TASK PROMPT. Copy out exactly the lines below that run from the one holding "have eB : 1%:M" to the one holding "case/eq_col_mx => eT eB'.", keeping both of those lines and no others.

%%

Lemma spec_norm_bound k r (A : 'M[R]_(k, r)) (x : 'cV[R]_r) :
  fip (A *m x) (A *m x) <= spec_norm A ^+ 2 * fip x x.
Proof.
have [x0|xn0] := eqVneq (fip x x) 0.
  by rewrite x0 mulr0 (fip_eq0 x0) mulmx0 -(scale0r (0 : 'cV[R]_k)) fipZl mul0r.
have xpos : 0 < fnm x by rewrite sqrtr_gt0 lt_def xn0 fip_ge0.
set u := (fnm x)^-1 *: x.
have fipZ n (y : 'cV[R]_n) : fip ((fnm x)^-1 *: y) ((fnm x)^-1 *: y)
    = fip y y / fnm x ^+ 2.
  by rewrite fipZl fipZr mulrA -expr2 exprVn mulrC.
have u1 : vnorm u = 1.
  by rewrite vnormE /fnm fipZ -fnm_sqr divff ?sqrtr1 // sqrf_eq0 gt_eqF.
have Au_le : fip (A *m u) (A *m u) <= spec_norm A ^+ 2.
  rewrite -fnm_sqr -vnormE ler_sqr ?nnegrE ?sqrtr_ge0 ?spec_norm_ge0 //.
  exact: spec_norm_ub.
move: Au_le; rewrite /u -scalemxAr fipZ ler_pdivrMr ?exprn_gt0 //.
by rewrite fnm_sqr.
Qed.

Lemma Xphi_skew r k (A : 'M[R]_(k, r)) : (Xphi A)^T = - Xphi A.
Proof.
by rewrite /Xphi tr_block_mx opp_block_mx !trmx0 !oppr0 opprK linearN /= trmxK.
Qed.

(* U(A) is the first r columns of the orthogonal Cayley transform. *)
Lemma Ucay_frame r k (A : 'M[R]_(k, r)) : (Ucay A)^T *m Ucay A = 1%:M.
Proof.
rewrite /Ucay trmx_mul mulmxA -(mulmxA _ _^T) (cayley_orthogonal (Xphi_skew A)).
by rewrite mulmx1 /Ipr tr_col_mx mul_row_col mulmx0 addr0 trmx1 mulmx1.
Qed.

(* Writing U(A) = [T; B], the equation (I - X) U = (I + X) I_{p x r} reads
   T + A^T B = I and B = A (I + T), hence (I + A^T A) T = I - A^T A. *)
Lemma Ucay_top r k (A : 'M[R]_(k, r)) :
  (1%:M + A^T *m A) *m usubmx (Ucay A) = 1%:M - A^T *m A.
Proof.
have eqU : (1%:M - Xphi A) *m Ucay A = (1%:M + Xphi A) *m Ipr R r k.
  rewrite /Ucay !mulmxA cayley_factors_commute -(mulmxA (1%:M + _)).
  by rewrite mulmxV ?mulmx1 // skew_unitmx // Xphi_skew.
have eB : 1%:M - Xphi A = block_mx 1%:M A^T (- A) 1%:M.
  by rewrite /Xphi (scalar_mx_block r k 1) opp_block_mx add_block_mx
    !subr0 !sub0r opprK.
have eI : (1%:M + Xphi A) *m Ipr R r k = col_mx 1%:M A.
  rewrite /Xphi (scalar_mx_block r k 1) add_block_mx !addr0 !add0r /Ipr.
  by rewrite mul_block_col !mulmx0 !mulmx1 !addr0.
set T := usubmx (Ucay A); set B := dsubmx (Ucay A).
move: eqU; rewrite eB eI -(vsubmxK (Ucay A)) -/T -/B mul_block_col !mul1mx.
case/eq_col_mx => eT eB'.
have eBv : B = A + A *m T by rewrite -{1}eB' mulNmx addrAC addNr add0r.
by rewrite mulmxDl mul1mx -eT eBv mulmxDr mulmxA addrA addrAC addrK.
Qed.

%%

YOUR SOLUTION.
have eB : 1%:M - Xphi A = block_mx 1%:M A^T (- A) 1%:M.
  by rewrite /Xphi (scalar_mx_block r k 1) opp_block_mx add_block_mx
    !subr0 !sub0r opprK.
have eI : (1%:M + Xphi A) *m Ipr R r k = col_mx 1%:M A.
  rewrite /Xphi (scalar_mx_block r k 1) add_block_mx !addr0 !add0r /Ipr.
  by rewrite mul_block_col !mulmx0 !mulmx1 !addr0.
set T := usubmx (Ucay A); set B := dsubmx (Ucay A).
move: eqU; rewrite eB eI -(vsubmxK (Ucay A)) -/T -/B mul_block_col !mul1mx.
case/eq_col_mx => eT eB'.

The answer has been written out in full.